Next, I pickled the winter radishes in a mixture of sugar, vinegar, and bay leaf. After boiling the mixture, I ladled it over the sliced radishes, let it cool, and then refrigerated it. I have to say that I'm really not a fan of this root vegetable in general. However, the Korean restaurants who make it, in whatever way they do it, I love it. Whenever I get the banchan, with my meal, I ask for more pickled radishes, cucumbers, and kimchi. Maybe mine needed to be less sweet and more sour.
I've never pickled anything before, so maybe it was just a noob mistake or maybe I just picked the wrong recipe for my tastebuds. Whatever the case, these pickled radishes are still sitting in my fridge waiting for someone to eat them.
At least the color is nice!
Lastly, but most notably was my attempt at making the purple sweet potato pie whose recipe was included in the newsletter that we get from Boxed Organics with every box. I'd have to say this was challenging because although the recipe calls for this to be raw, I had to boil my purple potatoes for ease of use. What do I mean?

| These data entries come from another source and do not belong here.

Definition join (s : pairs_t) (b : bits_t) : outcome n := [ffun i => (s i, b i)].

Definition OmegaP : {set pairs_t} := [set s : pairs_t | [forall i : 'I_n.+1,
  if 2 <= i then (#|s i| == 2) && [forall x in s i, x < i] else s i == set0]].

Definition OmegaB : {set bits_t} := [set b : bits_t | [forall i : 'I_n.+1, (i < 2) ==> ~~ b i]].

Lemma join_Omega s b : (join s b \in Omega n) = (s \in OmegaP) && (b \in OmegaB).
Proof.
rewrite !inE; apply/forallP/andP => [Omega_sb|[/forallP sP /forallP bB] i].
  split; apply/forallP => i; move: (Omega_sb i); rewrite !ffunE /=.
  - by case: ifP => // _ /eqP [-> _].
  - by rewrite [i < 2]ltnNge; case: ifP => //= _ /eqP [_ ->].
by move: (sP i) (bB i); rewrite !ffunE /= [i < 2]ltnNge; case: ifP => //= _ /eqP -> /negPf ->.
Qed.

Lemma join_bij : bijective (fun sb : pairs_t * bits_t => join sb.1 sb.2).
Proof.
exists (fun w : outcome n => ([ffun i => (w i).1] : pairs_t, [ffun i => (w i).2] : bits_t)).
  by case=> s b; congr pair; apply/ffunP => i; rewrite !ffunE.
by move=> w; apply/ffunP => i; rewrite !ffunE; case: (w i).
Qed.

Lemma card_Omega_join (E : pred (outcome n)) :
  #|[set w in Omega n | E w]| = \sum_(s in OmegaP) #|[set b in OmegaB | E (join s b)]|.
Proof.
rewrite -sum1_card (reindex _ (onW_bij _ join_bij)) big_mkcond /=.
rewrite -(pair_big xpredT xpredT
  (fun s b => if join s b \in [set w in Omega n | E w] then 1 else 0)).
rewrite [RHS]big_mkcond; apply: eq_bigr => s _.
case: (boolP (s \in OmegaP)) => sP.
  rewrite -sum1_card [RHS]big_mkcond; apply: eq_bigr => b _.
  by rewrite [join s b \in _]inE join_Omega sP [b \in [set _ in _ | _]]inE.
by rewrite big1 // => b _; rewrite [join s b \in _]inE join_Omega (negbTE sP).
Qed.
(* Let $(\mathbf{a}_1,\dots,\mathbf{a}_n)$ be symmetric second-order tensors on $\mathbb{R}^3$. Then: (1) the family is isotropic iff $\mathbf{a}_k'=0$ for all $1\le k\le n$; (2) it is transversely isotropic iff there exists $j$ with $\mathbf{a}_j'\neq0$, $\mathbf{a}_j\times\mathbf{a}_j^2=0$ and $\mathbf{a}_j\times\mathbf{a}_k=0$ for all $1\le k\le n$; (3) it is orthotropic iff $\operatorname{tr}(\mathbf{a}_k\times\mathbf{a}_l)=0$ for all $1\le k,l\le n$, and either there exists $j$ with $\mathbf{a}_j\times\mathbf{a}_j^2\neq0$ or there exists a pair $(i,j)$ with $\mathbf{a}_i\times\mathbf{a}_j\neq0$; (4) it is monoclinic iff there exists a pair $(i,j)$ such that $\boldsymbol{\omega}:=\operatorname{tr}(\mathbf{a}_i\times\mathbf{a}_j)\neq0$ and $(\mathbf{a}_k\boldsymbol{\omega})\times\boldsymbol{\omega}=0$ for all $1\le k\le n$.
   Context: $SO(3)$ acts on tensors by $(g\star\mathbf{T})(x_1,\dots,x_m)=\mathbf{T}(g^{-1}x_1,\dots,g^{-1}x_m)$. Symmetry group of a family: intersection of $\{g: g\star\mathbf{a}_k=\mathbf{a}_k\}$; symmetry class: its conjugacy class in $SO(3)$. Isotropic $=[SO(3)]$, transversely isotropic $=[O(2)]$, orthotropic $=[\mathbb{D}_2]$, monoclinic $=[\mathbb{Z}_2]$ ($O(2)$: rotations about the $z$-axis together with the rotation by $\pi$ about the $x$-axis; $\mathbb{D}_2$: identity and rotations by $\pi$ about the coordinate axes; $\mathbb{Z}_2$: identity and a rotation by $\pi$). $\mathbf{a}'=\mathbf{a}-\frac13\operatorname{tr}(\mathbf{a})\mathbf{q}$ ($\mathbf{q}$ the identity tensor), $\mathbf{a}^2$ the matrix square, $\mathbf{a}_k\boldsymbol{\omega}$ matrix-vector product. For totally symmetric tensors $\mathbf{S}^1$ of order $p$ and $\mathbf{S}^2$ of order $q$ (vectors being order 1), $\mathbf{S}^1\times\mathbf{S}^2$ is the order $p+q-1$ totally symmetric tensor obtained by totally symmetrizing $\varepsilon_{i_1jk}S^1_{ji_2\cdots i_p}S^2_{ki_{p+1}\cdots i_{p+q-1}}$ ($\varepsilon$ Levi-Civita); for vectors it is the usual cross product. $\operatorname{tr}$ of a totally symmetric tensor is the contraction of two of its indices. *)

From HB Require Import structures.
From mathcomp Require Import all_boot all_order all_algebra.
From mathcomp Require Import reals.
Set Implicit Arguments. Unset Strict Implicit. Unset Printing Implicit Defensive.
Import Order.TTheory GRing.Theory Num.Theory.
Local Open Scope ring_scope.

Section Defs.
Variable R : realType.

Definition mx3 (l : seq (seq R)) : 'M[R]_3 :=
  \matrix_(i < 3, j < 3) nth 0 (nth [::] l i) j.

Definition SO3 (g : 'M[R]_3) : Prop := g^T *m g = 1%:M /\ \det g = 1.

Definition Rz (c s : R) : 'M[R]_3 := mx3 [:: [:: c; -s; 0]; [:: s; c; 0]; [:: 0; 0; 1]].
Definition Rxpi : 'M[R]_3 := mx3 [:: [:: 1; 0; 0]; [:: 0; -1; 0]; [:: 0; 0; -1]].
Definition Rypi : 'M[R]_3 := mx3 [:: [:: -1; 0; 0]; [:: 0; 1; 0]; [:: 0; 0; -1]].
Definition Rzpi : 'M[R]_3 := mx3 [:: [:: -1; 0; 0]; [:: 0; -1; 0]; [:: 0; 0; 1]].

Definition O2grp (m : 'M[R]_3) : Prop :=
  exists c s : R, c ^+ 2 + s ^+ 2 = 1 /\ (m = Rz c s \/ m = Rz c s *m Rxpi).
Definition D2grp (m : 'M[R]_3) : Prop :=
  m = 1%:M \/ m = Rxpi \/ m = Rypi \/ m = Rzpi.
Definition Z2grp (m : 'M[R]_3) : Prop := m = 1%:M \/ m = Rzpi.

(* action on a second-order tensor: (g*a)(x,y) = a(g^-1 x, g^-1 y), i.e. g a g^T *)
Definition act2 (g a : 'M[R]_3) : 'M[R]_3 := g *m a *m g^T.

Definition sym_group n (a : 'I_n -> 'M[R]_3) (g : 'M[R]_3) : Prop :=
  SO3 g /\ forall k, act2 g (a k) = a k.

Definition conj_class (G H : 'M[R]_3 -> Prop) : Prop :=
  exists g, SO3 g /\ forall m, G m <-> H (g^T *m m *m g).

Definition isotropic n (a : 'I_n -> 'M[R]_3) := conj_class (sym_group a) SO3.
Definition transv_isotropic n (a : 'I_n -> 'M[R]_3) := conj_class (sym_group a) O2grp.
Definition orthotropic n (a : 'I_n -> 'M[R]_3) := conj_class (sym_group a) D2grp.
Definition monoclinic n (a : 'I_n -> 'M[R]_3) := conj_class (sym_group a) Z2grp.

Definition eps (i j k : 'I_3) : R :=
  ((((j : nat)%:Z - (i : nat)%:Z) * ((k : nat)%:Z - (i : nat)%:Z)
     * ((k : nat)%:Z - (j : nat)%:Z))%:~R) / 2.

Definition vec := 'I_3 -> R.
Definition tensor3 := 'I_3 -> 'I_3 -> 'I_3 -> R.
Definition zero3 : tensor3 := fun _ _ _ => 0.
Definition zerov : vec := fun _ => 0.

Definition sym3 (T : tensor3) : tensor3 := fun i j k =>
  (T i j k + T i k j + T j i k + T j k i + T k i j + T k j i) / 6.

Definition cross22 (a b : 'M[R]_3) : tensor3 :=
  sym3 (fun i1 i2 i3 => \sum_(j < 3) \sum_(k < 3) eps i1 j k * a j i2 * b k i3).

Definition tr3 (T : tensor3) : vec := fun i => \sum_(j < 3) T i j j.

Definition crossv (u v : vec) : vec := fun i =>
  \sum_(j < 3) \sum_(k < 3) eps i j k * u j * v k.

Definition matvec (a : 'M[R]_3) (w : vec) : vec := fun i => \sum_(j < 3) a i j * w j.

Definition dev (a : 'M[R]_3) : 'M[R]_3 := a - (\tr a / 3) *: 1%:M.

End Defs.

From HB Require Import structures.
From mathcomp Require Import all_boot all_order all_algebra.
From mathcomp Require Import reals polyrcf ring lra.
From Stdlib Require Import FunctionalExtensionality Classical.
Import Order.TTheory GRing.Theory Num.Theory.
Local Open Scope ring_scope.
Set Implicit Arguments. Unset Strict Implicit. Unset Printing Implicit Defensive.

(* Every condition is invariant under conjugating the family by a rotation, so it can be checked
   on a normal form of the family.  For symmetric [a], [b] the
   commutator [a b - b a] is [-3] times the skew matrix of [tr (a x b)], so [tr (a x b) = 0] iff
   [a] and [b] commute, and [tr (a x b)] is an axis fixed by every rotation fixing [a] and [b].
   Next, [a x b] is the coefficient tensor of the cubic form [v . (a v) x (b v)]; for diagonal
   [a], [b] it vanishes iff the eigenvalue triples of [a], [b] and [(1, 1, 1)] are linearly
   dependent.  Diagonalising a suitable member of the family, each symmetry class is then
   identified by computing the rotations that commute with one or two diagonal or block-diagonal
   matrices: all of SO(3) for scalars, O(2) for diag(al, al, be) with [al <> be], D2 for two
   diagonal matrices with independent eigenvalue triples, and Z2 for two non-commuting
   block-diagonal matrices.  Conversely, when a condition fails, an explicit quarter-turn or
   half-turn outside the expected group fixes the whole family. *)

Notation i0 := (@Ordinal 3 0 isT).
Notation i1 := (@Ordinal 3 1 isT).
Notation i2 := (@Ordinal 3 2 isT).

Section Tensors.
Variable R : realType.
Implicit Types (a b c d g h m : 'M[R]_3) (x y u v w : vec R).

Lemma sum3E (F : 'I_3 -> R) : \sum_(i < 3) F i = F i0 + F i1 + F i2.
Proof.
by rewrite !big_ord_recr big_ord0 /= add0r; congr (_ + _ + _); congr F; apply: val_inj.
Qed.

Lemma ord3P (i : 'I_3) : [\/ i = i0, i = i1 | i = i2].
Proof.
by case: i => [[|[|[|//]]]] ?; [apply: Or31 | apply: Or32 | apply: Or33]; apply: val_inj.
Qed.

Lemma mx3_ext a b :
  a i0 i0 = b i0 i0 -> a i0 i1 = b i0 i1 -> a i0 i2 = b i0 i2 ->
  a i1 i0 = b i1 i0 -> a i1 i1 = b i1 i1 -> a i1 i2 = b i1 i2 ->
  a i2 i0 = b i2 i0 -> a i2 i1 = b i2 i1 -> a i2 i2 = b i2 i2 -> a = b.
Proof. by move=> *; apply/matrixP => i j; case: (ord3P i) => ->; case: (ord3P j) => ->. Qed.

Lemma vec_ext x y : x i0 = y i0 -> x i1 = y i1 -> x i2 = y i2 -> x = y.
Proof. by move=> *; apply: functional_extensionality => i; case: (ord3P i) => ->. Qed.

Lemma tensor3_ext (T U : tensor3 R) : (forall p q r, T p q r = U p q r) -> T = U.
Proof.
by move=> TU; do 3![apply: functional_extensionality => ?]; apply: TU.
Qed.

I don't have a food processor. So I had to mash these potatoes by hand with nothing but a regular sized fork. In order to make it easier, I boiled the spuds to make them softer, also allowing me to peel them easier. And it was still difficult to mash. Maybe I should have let it boil longer. But I cheated in another way I suppose; I traded the difficulty of mashing for the convenience of a pre-made pie crust. Nonetheless, the end result was fantastic. It was a hit in my household. Everyone seemed to enjoy it. And it's good at any time of day, for breakfast, an afternoon snack, or even dessert after dinner. For me, I took my slice for breakfast along with a nice warm cup of coffee.
I'm having fun so far with the variety of vegetables we're getting through the CSA program. It's a great way to diversify the diet and keeps meals interesting and creative. I'm looking forward to "playing" with my food again this week. I'll let you know how it goes.